▸ TASK DIRECTIONS: The result should be the lines from the one holding "have wfcomp_f : wfcomp d f = compinv g." to the final line of the records, retyped exactly.

Stored data
Theorem theorem17 (R : realType) (m q : nat)
  (c : 'I_q -> ser R 'I_m.+1) (d : 'I_m -> cser R q) :
  proper_ser c -> cpurely_improper d ->
  let f := mixcomp c (compinv (wfcomp (cinv d) c)) in
  proper_ser f /\
  f = mixcomp c (wfcomp d f) /\
  (forall e : 'I_q -> ser R 'I_m.+1,
      proper_ser e -> e = mixcomp c (wfcomp d e) -> e = f).
Proof.
move=> c_proper d_improper f.
set g := wfcomp (cinv d) c.
have shinv_g : shinv g = wfcomp d c.
  apply: shinv_eq => j; rewrite !wfcompE wfcomp1_shuffle //.
  by rewrite (cmul_cinv d_improper) wfcomp1_cone.
have wfcomp_f : wfcomp d f = compinv g.
  by rewrite wfcomp_mixcomp // -shinv_g -compinvE.
have f_fixed : f = mixcomp c (wfcomp d f) by rewrite wfcomp_f.
split; first exact: mixcomp_proper.
split=> // e _ e_fixed; exact: mixcomp_wfcomp_fixpoint_unique e_fixed f_fixed.
Qed.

▸ TASK OUTPUT:
have wfcomp_f : wfcomp d f = compinv g.
  by rewrite wfcomp_mixcomp // -shinv_g -compinvE.
have f_fixed : f = mixcomp c (wfcomp d f) by rewrite wfcomp_f.
split; first exact: mixcomp_proper.
split=> // e _ e_fixed; exact: mixcomp_wfcomp_fixpoint_unique e_fixed f_fixed.
Qed.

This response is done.